- **What this task involves**:
When a line in the records contains the string "apply", copy that line.

- **Given data**:
(* [g j] and [h j] stand for the coordinates of [G_{j/2} v] and [G_{j/2} G_0 v],
   [c0] and [e0] for those of [I_{1/2} v] and [I_{1/2} G_0 v]; the hypotheses
   are the relations these satisfy (see the section [Coordinates] below). *)
Section GSystem.
Variable C : numClosedFieldType.
Variables (g h : int -> {poly C}) (c0 e0 : {poly C}).
Local Notation hf := (Defs.half C).
Local Notation sgn j := ((-1 : C) ^ (j : int)).
Hypothesis g0 : g 0 = 1.
Hypothesis h0 : h 0 = 'X.
Hypothesis GG_opp0 : forall j,
  shift (g (- j)) (hf j) * h j + shift (g j) (hf (- j)) * h (- j) = (sgn j * 2) *: 'X.
Hypothesis GG_opp1 : forall j,
  shift (h (- j)) (hf j) * g j + shift (h j) (hf (- j)) * g (- j) = (sgn j * 2) *: 'X.
Hypothesis GG_diag0 : forall j,
  2 *: (shift (g j) (hf j) * h j) = sgn j *: (g (2 * j) * 'X + h (2 * j)).
Hypothesis GG_diag1 : forall j,
  2 *: (shift (h j) (hf j) * g j) = sgn j *: (h (2 * j) + shift 'X (hf (2 * j)) * g (2 * j)).
Hypothesis GG_odd_diag0 : forall k, let j := 1 + 2 * k in
  shift (g (- j)) (hf (2 * j)) * h (2 * j) + shift (g (2 * j)) (hf (- j)) * h (- j)
  = (-3) *: (g j * 'X + h j).
Hypothesis IG0_succ : forall j, shift (g j) (hf 1) * e0 - shift c0 (hf j) * g j = g (1 + j).
Hypothesis IG1_succ : forall j, shift (h j) (hf 1) * c0 - shift e0 (hf j) * h j = h (1 + j).
Hypothesis c0_G : hf 1 *: c0 = g 1 * 'X + h 1.
Hypothesis e0_G : hf 1 *: e0 = h 1 + shift 'X (hf 1) * g 1.

Lemma shift_gh_linear j : exists c, shift (g (- j)) (hf j) * h j = sgn j *: 'X + c%:P.
Proof.
have [->|j0] := eqVneq j 0.
  by exists 0; rewrite oppr0 g0 h0 shift1 mul1r expr0z scale1r addr0.
by apply: shift_product_linear; rewrite -?halfN // half_neq0.
Qed.

Lemma size_gh j : (size (g j) <= 2)%N /\ (size (h j) <= 2)%N.
Proof.
have [c hlin] := shift_gh_linear j; have [c' glin] := shift_gh_linear (- j).
have [_ ->] := size_factors_linear (signz_neq0 C j) hlin.
by have [] := size_factors_linear (signz_neq0 C (- j)) glin; rewrite opprK size_shift.
Qed.

Definition gA j := (g j)`_1.
Definition gB j := (g j)`_0.
Definition hA j := (h j)`_1.
Definition hB j := (h j)`_0.

Lemma gE j : g j = quad 0 (gA j) (gB j).
Proof. by have [+ _] := size_gh j; apply: quad_linear. Qed.
Lemma hE j : h j = quad 0 (hA j) (hB j).
Proof. by have [_] := size_gh j; apply: quad_linear. Qed.

Lemma gA0 : gA 0 = 0.
Proof. by move: g0; rewrite gE quad1 => /quad_inj[]. Qed.
Lemma gB0 : gB 0 = 1.
Proof. by move: g0; rewrite gE quad1 => /quad_inj[]. Qed.
Lemma hB0 : hB 0 = 0.
Proof. by move: h0; rewrite hE quadX => /quad_inj[]. Qed.

Lemma coef_shift_gh j : gA (- j) * hA j = 0 /\
  gA (- j) * hB j + (gA (- j) * hf j + gB (- j)) * hA j = sgn j.
Proof.
have [c] := shift_gh_linear j; rewrite /= ?gE ?hE; quad_norm.
by case/quad_inj => e2 e1 _; split; [rewrite e2 | rewrite e1]; ring.
Qed.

- **Exercise response**:
by apply: shift_product_linear; rewrite -?halfN // half_neq0.
Proof. by have [+ _] := size_gh j; apply: quad_linear. Qed.
Proof. by have [_] := size_gh j; apply: quad_linear. Qed.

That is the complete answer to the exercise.